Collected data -
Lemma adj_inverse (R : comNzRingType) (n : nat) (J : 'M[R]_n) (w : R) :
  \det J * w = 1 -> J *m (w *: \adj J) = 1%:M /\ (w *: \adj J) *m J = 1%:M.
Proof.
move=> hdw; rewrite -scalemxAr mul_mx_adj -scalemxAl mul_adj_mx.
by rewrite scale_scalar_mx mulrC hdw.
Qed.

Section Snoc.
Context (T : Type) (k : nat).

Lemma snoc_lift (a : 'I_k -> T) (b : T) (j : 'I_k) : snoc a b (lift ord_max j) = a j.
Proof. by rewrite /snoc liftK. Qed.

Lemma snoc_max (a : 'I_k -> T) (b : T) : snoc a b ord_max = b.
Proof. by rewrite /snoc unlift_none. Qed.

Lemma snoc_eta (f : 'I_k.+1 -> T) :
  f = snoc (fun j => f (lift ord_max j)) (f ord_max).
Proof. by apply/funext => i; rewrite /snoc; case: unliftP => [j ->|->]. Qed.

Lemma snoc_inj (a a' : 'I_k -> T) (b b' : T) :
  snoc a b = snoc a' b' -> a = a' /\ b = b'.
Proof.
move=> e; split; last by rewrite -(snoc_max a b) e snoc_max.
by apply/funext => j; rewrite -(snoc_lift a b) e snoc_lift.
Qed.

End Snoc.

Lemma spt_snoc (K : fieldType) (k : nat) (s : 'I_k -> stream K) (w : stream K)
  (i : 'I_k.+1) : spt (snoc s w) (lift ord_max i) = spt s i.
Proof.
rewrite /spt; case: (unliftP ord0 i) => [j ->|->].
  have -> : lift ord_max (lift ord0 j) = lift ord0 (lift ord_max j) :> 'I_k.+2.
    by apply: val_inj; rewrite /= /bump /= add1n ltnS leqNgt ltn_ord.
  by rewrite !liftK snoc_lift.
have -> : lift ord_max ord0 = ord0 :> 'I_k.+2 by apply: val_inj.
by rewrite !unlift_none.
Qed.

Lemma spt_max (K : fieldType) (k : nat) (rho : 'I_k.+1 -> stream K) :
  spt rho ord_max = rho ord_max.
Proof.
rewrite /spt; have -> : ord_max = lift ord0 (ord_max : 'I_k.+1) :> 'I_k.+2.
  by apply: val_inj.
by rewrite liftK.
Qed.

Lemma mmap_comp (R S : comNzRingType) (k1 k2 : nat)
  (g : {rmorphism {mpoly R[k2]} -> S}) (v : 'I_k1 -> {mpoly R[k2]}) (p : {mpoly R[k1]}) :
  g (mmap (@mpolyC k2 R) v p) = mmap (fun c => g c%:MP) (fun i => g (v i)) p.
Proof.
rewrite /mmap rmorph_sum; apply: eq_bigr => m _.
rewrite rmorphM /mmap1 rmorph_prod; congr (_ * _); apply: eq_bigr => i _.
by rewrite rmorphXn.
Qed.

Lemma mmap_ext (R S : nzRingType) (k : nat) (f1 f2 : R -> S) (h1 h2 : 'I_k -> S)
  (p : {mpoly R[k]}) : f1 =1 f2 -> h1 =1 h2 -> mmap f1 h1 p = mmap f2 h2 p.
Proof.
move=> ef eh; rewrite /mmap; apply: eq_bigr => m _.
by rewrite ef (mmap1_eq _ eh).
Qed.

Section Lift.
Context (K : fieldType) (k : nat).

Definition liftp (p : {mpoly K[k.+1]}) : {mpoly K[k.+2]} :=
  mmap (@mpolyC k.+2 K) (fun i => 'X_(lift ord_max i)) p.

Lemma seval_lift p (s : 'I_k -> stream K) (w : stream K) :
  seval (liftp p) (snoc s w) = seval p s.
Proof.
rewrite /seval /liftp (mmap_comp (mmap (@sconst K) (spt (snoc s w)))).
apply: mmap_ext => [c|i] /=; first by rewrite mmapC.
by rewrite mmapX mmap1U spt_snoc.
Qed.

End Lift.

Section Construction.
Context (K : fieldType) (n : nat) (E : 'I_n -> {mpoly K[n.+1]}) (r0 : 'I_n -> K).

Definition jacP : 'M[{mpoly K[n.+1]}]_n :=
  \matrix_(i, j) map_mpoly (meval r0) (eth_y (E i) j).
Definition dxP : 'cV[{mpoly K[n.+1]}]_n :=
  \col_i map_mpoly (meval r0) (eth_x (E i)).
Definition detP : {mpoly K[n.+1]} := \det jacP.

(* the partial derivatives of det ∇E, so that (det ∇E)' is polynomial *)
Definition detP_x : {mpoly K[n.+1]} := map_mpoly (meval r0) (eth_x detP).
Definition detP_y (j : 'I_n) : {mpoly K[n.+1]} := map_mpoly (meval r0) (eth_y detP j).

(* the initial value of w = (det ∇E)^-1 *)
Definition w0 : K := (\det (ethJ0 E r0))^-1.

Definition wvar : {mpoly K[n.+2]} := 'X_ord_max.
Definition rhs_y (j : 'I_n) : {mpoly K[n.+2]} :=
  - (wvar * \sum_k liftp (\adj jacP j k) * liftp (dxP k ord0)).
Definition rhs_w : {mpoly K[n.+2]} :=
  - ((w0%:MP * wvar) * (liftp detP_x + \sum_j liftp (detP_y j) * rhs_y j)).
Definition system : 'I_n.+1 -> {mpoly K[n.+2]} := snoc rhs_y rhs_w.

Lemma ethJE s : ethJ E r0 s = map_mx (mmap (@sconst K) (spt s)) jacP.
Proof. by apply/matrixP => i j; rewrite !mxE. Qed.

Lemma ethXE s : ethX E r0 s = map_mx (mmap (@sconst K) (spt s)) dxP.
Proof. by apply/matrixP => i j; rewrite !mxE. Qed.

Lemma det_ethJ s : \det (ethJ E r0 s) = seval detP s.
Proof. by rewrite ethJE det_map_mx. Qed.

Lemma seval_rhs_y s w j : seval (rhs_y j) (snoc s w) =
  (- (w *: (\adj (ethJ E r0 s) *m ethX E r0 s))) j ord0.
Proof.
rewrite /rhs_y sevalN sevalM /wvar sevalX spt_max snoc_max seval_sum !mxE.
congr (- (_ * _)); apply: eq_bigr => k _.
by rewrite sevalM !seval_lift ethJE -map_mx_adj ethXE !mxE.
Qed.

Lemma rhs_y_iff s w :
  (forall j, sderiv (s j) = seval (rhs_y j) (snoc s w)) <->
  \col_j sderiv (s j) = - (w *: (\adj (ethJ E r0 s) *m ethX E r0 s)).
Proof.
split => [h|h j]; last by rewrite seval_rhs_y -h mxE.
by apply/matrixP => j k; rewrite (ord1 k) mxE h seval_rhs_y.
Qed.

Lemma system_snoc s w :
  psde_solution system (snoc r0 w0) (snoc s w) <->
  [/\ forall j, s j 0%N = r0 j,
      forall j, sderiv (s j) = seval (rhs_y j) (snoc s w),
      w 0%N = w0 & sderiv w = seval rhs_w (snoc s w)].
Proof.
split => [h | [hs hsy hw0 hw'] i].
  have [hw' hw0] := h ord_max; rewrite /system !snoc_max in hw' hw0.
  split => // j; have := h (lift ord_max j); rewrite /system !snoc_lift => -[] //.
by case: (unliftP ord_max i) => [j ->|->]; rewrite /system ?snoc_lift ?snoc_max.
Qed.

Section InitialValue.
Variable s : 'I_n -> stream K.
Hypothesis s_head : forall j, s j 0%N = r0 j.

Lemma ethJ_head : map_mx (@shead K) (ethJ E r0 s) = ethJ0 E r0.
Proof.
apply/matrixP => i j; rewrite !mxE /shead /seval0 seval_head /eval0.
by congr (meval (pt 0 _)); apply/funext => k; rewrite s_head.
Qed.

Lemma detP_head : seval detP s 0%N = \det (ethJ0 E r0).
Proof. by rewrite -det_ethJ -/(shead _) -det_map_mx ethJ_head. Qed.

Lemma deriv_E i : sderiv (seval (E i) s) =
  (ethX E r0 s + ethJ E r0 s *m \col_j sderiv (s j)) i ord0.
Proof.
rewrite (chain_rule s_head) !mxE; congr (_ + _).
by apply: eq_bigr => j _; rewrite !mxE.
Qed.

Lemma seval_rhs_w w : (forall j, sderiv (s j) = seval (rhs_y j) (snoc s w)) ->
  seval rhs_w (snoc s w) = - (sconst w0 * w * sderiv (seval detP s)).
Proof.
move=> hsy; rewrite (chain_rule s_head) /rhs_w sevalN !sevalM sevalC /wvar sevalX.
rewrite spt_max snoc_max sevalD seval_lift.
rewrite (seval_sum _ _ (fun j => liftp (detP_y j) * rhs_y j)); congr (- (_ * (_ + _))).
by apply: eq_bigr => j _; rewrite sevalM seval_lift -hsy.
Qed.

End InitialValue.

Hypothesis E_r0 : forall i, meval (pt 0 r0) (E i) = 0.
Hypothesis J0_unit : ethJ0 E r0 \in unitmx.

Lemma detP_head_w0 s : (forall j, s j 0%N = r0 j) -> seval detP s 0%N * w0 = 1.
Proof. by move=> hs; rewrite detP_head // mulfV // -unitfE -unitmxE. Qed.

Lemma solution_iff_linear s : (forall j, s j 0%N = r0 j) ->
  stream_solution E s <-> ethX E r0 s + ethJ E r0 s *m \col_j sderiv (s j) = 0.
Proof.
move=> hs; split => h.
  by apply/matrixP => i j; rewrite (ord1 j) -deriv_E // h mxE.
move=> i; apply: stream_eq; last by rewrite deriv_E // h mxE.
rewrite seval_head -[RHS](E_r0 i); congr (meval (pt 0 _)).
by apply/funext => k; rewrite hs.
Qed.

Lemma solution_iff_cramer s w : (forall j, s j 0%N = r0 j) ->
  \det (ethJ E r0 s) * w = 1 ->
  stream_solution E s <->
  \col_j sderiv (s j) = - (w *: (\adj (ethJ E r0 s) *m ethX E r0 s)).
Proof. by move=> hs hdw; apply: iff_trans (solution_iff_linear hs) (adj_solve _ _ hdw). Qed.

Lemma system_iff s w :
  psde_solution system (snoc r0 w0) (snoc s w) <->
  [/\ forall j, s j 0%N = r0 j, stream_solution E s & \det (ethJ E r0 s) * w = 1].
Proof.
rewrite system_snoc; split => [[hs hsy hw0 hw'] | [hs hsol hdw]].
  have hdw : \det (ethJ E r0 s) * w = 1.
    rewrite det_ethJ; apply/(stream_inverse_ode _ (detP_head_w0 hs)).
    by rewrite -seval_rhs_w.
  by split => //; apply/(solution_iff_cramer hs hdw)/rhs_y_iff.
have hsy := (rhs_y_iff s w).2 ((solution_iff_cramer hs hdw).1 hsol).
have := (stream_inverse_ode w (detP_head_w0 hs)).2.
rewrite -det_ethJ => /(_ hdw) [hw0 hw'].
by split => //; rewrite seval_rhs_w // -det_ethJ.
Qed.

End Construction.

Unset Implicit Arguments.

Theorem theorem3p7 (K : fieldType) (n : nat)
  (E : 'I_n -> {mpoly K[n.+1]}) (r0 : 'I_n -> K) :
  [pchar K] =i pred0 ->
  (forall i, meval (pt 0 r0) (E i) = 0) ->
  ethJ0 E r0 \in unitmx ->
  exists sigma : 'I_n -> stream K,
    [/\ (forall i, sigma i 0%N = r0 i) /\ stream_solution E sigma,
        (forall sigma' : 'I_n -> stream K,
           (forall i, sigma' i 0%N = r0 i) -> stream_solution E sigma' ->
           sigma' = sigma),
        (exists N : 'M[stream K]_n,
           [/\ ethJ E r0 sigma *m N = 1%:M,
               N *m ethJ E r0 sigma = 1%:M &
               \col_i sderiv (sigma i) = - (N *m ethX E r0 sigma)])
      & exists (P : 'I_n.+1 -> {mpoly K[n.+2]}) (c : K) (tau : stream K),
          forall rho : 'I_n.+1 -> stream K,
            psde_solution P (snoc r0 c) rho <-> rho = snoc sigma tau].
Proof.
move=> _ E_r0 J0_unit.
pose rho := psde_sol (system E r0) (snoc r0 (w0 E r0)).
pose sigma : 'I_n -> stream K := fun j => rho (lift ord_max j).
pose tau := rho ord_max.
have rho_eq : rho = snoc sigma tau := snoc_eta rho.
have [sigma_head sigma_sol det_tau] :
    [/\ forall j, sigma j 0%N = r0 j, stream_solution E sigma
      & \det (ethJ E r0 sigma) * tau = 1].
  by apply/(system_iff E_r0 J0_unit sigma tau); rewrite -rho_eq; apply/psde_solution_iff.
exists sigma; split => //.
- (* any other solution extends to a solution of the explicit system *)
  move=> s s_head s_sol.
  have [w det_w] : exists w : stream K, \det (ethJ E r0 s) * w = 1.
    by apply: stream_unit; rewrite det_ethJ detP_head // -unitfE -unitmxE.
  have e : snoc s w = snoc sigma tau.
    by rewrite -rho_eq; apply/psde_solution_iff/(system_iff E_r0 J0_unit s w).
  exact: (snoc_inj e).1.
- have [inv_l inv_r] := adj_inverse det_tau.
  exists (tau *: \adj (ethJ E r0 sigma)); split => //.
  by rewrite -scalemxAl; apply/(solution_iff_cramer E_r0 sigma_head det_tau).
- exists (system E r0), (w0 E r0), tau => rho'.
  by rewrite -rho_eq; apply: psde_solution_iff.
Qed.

--

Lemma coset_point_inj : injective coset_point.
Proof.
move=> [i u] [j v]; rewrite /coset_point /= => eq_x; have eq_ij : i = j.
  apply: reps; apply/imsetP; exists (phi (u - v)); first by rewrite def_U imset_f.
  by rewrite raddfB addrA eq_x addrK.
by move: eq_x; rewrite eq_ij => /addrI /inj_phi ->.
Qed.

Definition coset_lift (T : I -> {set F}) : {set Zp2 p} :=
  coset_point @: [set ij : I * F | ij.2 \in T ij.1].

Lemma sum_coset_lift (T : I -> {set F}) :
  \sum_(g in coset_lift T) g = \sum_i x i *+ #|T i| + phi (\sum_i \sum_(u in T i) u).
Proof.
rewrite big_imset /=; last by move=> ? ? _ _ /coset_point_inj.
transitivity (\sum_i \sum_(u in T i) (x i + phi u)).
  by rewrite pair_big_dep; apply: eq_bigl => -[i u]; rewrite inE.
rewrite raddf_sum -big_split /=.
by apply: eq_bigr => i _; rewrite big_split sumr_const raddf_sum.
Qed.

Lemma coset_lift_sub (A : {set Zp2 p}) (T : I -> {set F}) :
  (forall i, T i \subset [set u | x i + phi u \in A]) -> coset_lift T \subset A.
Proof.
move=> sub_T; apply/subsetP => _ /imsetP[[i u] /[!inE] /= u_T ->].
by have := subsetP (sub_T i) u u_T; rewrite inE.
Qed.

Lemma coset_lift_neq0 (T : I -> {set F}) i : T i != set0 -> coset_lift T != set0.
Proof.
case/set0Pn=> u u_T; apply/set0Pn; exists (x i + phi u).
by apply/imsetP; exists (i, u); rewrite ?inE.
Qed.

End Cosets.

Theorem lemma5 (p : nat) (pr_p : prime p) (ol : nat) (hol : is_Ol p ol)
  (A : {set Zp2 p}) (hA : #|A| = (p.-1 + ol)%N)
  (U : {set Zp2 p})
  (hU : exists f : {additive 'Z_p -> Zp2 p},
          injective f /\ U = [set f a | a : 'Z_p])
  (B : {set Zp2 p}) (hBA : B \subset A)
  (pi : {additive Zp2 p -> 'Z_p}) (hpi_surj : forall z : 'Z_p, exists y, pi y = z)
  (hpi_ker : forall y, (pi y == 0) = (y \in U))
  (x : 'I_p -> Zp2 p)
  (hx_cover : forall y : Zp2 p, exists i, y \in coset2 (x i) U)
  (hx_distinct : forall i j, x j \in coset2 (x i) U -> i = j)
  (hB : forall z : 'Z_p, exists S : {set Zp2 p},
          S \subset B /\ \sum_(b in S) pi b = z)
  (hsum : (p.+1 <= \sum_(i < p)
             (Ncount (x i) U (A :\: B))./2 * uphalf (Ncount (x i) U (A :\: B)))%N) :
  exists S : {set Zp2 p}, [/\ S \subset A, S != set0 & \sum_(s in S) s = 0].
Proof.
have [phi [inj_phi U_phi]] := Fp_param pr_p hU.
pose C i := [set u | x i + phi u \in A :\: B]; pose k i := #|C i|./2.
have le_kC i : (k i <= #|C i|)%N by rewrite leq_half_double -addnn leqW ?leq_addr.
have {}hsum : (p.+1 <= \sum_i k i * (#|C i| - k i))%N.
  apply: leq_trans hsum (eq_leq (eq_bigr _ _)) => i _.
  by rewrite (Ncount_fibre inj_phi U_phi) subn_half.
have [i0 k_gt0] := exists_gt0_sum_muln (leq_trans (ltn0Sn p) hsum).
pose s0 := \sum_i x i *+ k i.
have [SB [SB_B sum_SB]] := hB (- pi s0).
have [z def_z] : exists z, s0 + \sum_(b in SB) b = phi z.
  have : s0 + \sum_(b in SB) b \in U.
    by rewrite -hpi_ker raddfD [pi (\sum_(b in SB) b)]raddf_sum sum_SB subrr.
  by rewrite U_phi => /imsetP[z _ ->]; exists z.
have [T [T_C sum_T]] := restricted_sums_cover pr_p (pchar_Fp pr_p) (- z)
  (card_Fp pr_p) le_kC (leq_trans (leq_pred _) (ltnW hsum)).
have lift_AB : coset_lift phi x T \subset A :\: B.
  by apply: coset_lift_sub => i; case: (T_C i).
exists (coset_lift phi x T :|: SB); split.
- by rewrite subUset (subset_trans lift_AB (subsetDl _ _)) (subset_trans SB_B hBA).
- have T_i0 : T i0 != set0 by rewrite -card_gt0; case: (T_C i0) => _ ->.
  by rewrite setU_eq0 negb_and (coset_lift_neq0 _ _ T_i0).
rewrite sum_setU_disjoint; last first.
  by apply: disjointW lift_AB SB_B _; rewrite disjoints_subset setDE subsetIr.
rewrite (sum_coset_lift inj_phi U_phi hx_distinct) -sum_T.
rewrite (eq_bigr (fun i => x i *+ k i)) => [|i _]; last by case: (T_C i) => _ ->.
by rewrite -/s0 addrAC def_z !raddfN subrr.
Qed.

Your goal -
Reproduce verbatim the lines above, from the line with "(x : 'I_p -> Zp2 p)" through the line with "have lift_AB : coset_lift".

Output for this task -
  (x : 'I_p -> Zp2 p)
  (hx_cover : forall y : Zp2 p, exists i, y \in coset2 (x i) U)
  (hx_distinct : forall i j, x j \in coset2 (x i) U -> i = j)
  (hB : forall z : 'Z_p, exists S : {set Zp2 p},
          S \subset B /\ \sum_(b in S) pi b = z)
  (hsum : (p.+1 <= \sum_(i < p)
             (Ncount (x i) U (A :\: B))./2 * uphalf (Ncount (x i) U (A :\: B)))%N) :
  exists S : {set Zp2 p}, [/\ S \subset A, S != set0 & \sum_(s in S) s = 0].
Proof.
have [phi [inj_phi U_phi]] := Fp_param pr_p hU.
pose C i := [set u | x i + phi u \in A :\: B]; pose k i := #|C i|./2.
have le_kC i : (k i <= #|C i|)%N by rewrite leq_half_double -addnn leqW ?leq_addr.
have {}hsum : (p.+1 <= \sum_i k i * (#|C i| - k i))%N.
  apply: leq_trans hsum (eq_leq (eq_bigr _ _)) => i _.
  by rewrite (Ncount_fibre inj_phi U_phi) subn_half.
have [i0 k_gt0] := exists_gt0_sum_muln (leq_trans (ltn0Sn p) hsum).
pose s0 := \sum_i x i *+ k i.
have [SB [SB_B sum_SB]] := hB (- pi s0).
have [z def_z] : exists z, s0 + \sum_(b in SB) b = phi z.
  have : s0 + \sum_(b in SB) b \in U.
    by rewrite -hpi_ker raddfD [pi (\sum_(b in SB) b)]raddf_sum sum_SB subrr.
  by rewrite U_phi => /imsetP[z _ ->]; exists z.
have [T [T_C sum_T]] := restricted_sums_cover pr_p (pchar_Fp pr_p) (- z)
  (card_Fp pr_p) le_kC (leq_trans (leq_pred _) (ltnW hsum)).
have lift_AB : coset_lift phi x T \subset A :\: B.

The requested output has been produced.